Civility values an interactive and mutually respectful approach to the broad topic of problem-solving. Faith in interaction is based on the values of human dignity and respect. It is helped by empathetic behavior. It is greatly facilitated by positive and constructive attitudes, thoughts and actions. This is another area where a value (constructiveness) is first offered altruistically with the hope and expectation that it will be partially reciprocated.
Civiliteers hope that civil discourse will arise and become the norm. They hope that a positive environment will result in less stress and conflict. They expect better decision-making, especially when dealing with complex issues with real differences of views and interests. They believe that better decisions will arise from the recognition of differences, identification of the common good, creative solutions and constructive compromises that are “good enough”.
15. Moral Commitment
Civility promotes 7 values. It is an ethical system that is not dependent upon any specific philosophy, religion or political viewpoint. It is consistent with “classical liberalism” that was developed in the 1700’s in England, Europe and the United States.

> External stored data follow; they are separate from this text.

(* $\mathrm{PBTD}(\Pi^\infty)=2$, and for every $m\ge1$, $\mathrm{PBTD}(\Pi^1_{\infty,m})=\Theta(m)$ (as a function of $m$).
   Context: Fix a countably infinite set $X$ of variables and an alphabet $\Sigma$ (finite or countably infinite, disjoint from $X$), $z=|\Sigma|$. A pattern is a nonempty finite string over $X\cup\Sigma$; $\Pi^z$ is the class of all patterns over an alphabet of size $z$ ($\Pi^\infty$: over a countably infinite alphabet). $\Pi^z_{\infty,m}$ is the class of patterns in $\Pi^z$ in which every variable occurs at most $m$ times (no bound on the number of distinct variables). A substitution is a morphism $h:(X\cup\Sigma)^*\to\Sigma^*$ fixing letters; $L(\pi)$ (erasing pattern language) is the set of all $h(\pi)$; patterns with equal languages are identified. A labelled example is $(w,\pm)$ with $w\in\Sigma^*$; a teaching set for $\pi$ w.r.t. a class $\Pi$ is a set $T$ of labelled examples consistent with $\pi$ such that every $\tau\in\Pi$ consistent with $T$ has $L(\tau)=L(\pi)$. For a strict partial order $\prec$ on $\Pi$, a teaching set for $\pi$ w.r.t. $(\Pi,\prec)$ is a teaching set for $\pi$ w.r.t. $\Pi\setminus\{\pi':\pi'\prec\pi\}$; $\mathrm{PBTD}(\Pi,\prec)$ is the supremum over $\pi$ of the minimum size of such sets and $\mathrm{PBTD}(\Pi)=\inf_\prec\mathrm{PBTD}(\Pi,\prec)$. *)

From Stdlib Require Import List Arith.
Import ListNotations.
Set Implicit Arguments.

Inductive sym (A : Type) : Type :=
| Var : nat -> sym A
| Let : A -> sym A.
Arguments Var {A} _.
Arguments Let {A} _.

Definition pattern (A : Type) := list (sym A).

Definition is_pattern {A : Type} (p : pattern A) : Prop := p <> [].

Fixpoint subst {A : Type} (h : nat -> list A) (p : pattern A) : list A :=
  match p with
  | [] => []
  | Var x :: p' => h x ++ subst h p'
  | Let a :: p' => a :: subst h p'
  end.

Definition lang {A : Type} (p : pattern A) (w : list A) : Prop :=
  exists h : nat -> list A, subst h p = w.

Definition lang_eq {A : Type} (p q : pattern A) : Prop :=
  forall w, lang p w <-> lang q w.

Fixpoint occ {A : Type} (x : nat) (p : pattern A) : nat :=
  match p with
  | [] => 0
  | Var y :: p' => (if Nat.eqb x y then 1 else 0) + occ x p'
  | Let _ :: p' => occ x p'
  end.

(* Pi^infty : all patterns over a countably infinite alphabet (Sigma = nat). *)
Definition Pi_inf (p : pattern nat) : Prop := is_pattern p.

(* Pi^1_{infty,m} : patterns over a unary alphabet (Sigma = unit), each variable
   occurring at most m times. *)
Definition Pi1_m (m : nat) (p : pattern unit) : Prop :=
  is_pattern p /\ forall x, occ x p <= m.

Definition example (A : Type) := (list A * bool)%type.

Definition consistent {A : Type} (p : pattern A) (T : list (example A)) : Prop :=
  forall w b, In (w, b) T -> (lang p w <-> b = true).

(* A strict partial order on the class C, where patterns with equal languages are
   identified: irreflexive, transitive, and compatible with language equality
   (i.e. a strict partial order on the quotient of C by language equality). *)
Definition strict_po {A : Type} (C : pattern A -> Prop)
  (prec : pattern A -> pattern A -> Prop) : Prop :=
  (forall p, C p -> ~ prec p p) /\
  (forall p q r, C p -> C q -> C r -> prec p q -> prec q r -> prec p r) /\
  (forall p p' q q', C p -> C p' -> C q -> C q' ->
      lang_eq p p' -> lang_eq q q' -> prec p q -> prec p' q').

Definition teaching_set {A : Type} (C : pattern A -> Prop)
  (prec : pattern A -> pattern A -> Prop) (p : pattern A) (T : list (example A)) : Prop :=
  consistent p T /\
  forall t, C t -> ~ prec t p -> consistent t T -> lang_eq t p.

Definition PBTD_le {A : Type} (C : pattern A -> Prop)
  (prec : pattern A -> pattern A -> Prop) (d : nat) : Prop :=
  forall p, C p -> exists T, length T <= d /\ teaching_set C prec p T.

From Stdlib Require Import List Arith Lia Classical.
Import ListNotations.

(* Upper bounds.  Both use one preference order, [letter_order]: prefer
   patterns with fewer letters and, among those, larger languages.  A pattern
   that is not preferred to p and whose language contains L(p) generates
   exactly L(p) ([letter_order_teach]), so positive examples forcing
   L(p) <= L(t) suffice.  Over an infinite alphabet two examples do: p with
   every variable replaced by a fresh letter, for two disjoint choices of fresh
   letters; any word of L(p) is then a decoding of the first example.  Over a
   unary alphabet a word is its length and L(p) is nletters p plus the span of
   the occurrence numbers of p ([lang_unary]), so one example per occurrence
   number in 1..m suffices: at most m + 1 <= 2m examples.

   Lower bounds.  For Pi^infty, analysing one-example teaching sets of x, of
   the one-letter patterns and of x x w shows that three one-letter patterns
   would admit no minimal element.  For Pi^1_{infty,m}, a minimality argument
   ([teaching_lower_bound]) applied to the 2^h gap patterns (h = m / 4), whose
   languages differ only at lengths h .. 2h - 1, shows that some pattern needs
   h examples; hence m <= 7 * PBTD. *)

Lemma subst_app {A : Type} (h : nat -> list A) (p q : pattern A) :
  subst h (p ++ q) = subst h p ++ subst h q.
Proof.
  induction p as [|[x|a] p IH]; simpl; rewrite ?IH; auto using app_assoc.
Qed.
(* Let $s \ge 4$ and let $X$ be an antipodal $s$-distance set in the unit sphere $S^{d-1}\subset\mathbb{R}^d$ with $|X| \ge 4\binom{d+s-3}{s-2} + 2$. Then every $\beta \in B(X)$ is a rational number.
   Context: A finite set $X \subset \mathbb{R}^d$ is an $s$-distance set if the set of Euclidean distances between distinct points of $X$ has exactly $s$ elements. $X$ is antipodal if $-x \in X$ for every $x \in X$. For $X \subset S^{d-1}$, $B(X) = \{(x,y) : x, y \in X, x \neq y\}$, where $(\cdot,\cdot)$ is the standard inner product. *)

From HB Require Import structures.
From mathcomp Require Import all_boot all_order all_algebra.
From mathcomp Require Import finmap.
Set Implicit Arguments. Unset Strict Implicit. Unset Printing Implicit Defensive.
Import Order.TTheory GRing.Theory Num.Theory.
Local Open Scope ring_scope.
Local Open Scope fset_scope.

Definition dotp {R : ringType} {d : nat} (x y : 'rV[R]_d) : R :=
  \sum_(i < d) x 0 i * y 0 i.

Definition edist {R : rcfType} {d : nat} (x y : 'rV[R]_d) : R :=
  Num.sqrt (dotp (x - y) (x - y)).

Definition dist_set {R : rcfType} {d : nat} (X : {fset 'rV[R]_d}) : {fset R} :=
  [fset edist x y | x in X, y in X & x != y].

Definition is_s_distance_set {R : rcfType} {d : nat} (s : nat)
  (X : {fset 'rV[R]_d}) : Prop := #|` dist_set X| = s.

It is a subset of a complete moral framework. It is fully adequate to support our day-to-day lives together at work, at play and in government. It attempts to balance the inherent conflicts between the self-aware individual and others and communities.
Individuals commit to this set of values because they believe they are in some sense “true”, morally right, adequate and necessary for society and politics. They hope that their imperfect application of these values will trigger others to make the same commitment. They understand that all humans are imperfect and that the serious pursuit of 9 values is much better than no pursuit at all. They adopt these values and invest in learning behavioral science skills and building habits because they want to do the right thing for future generations and ultimate values.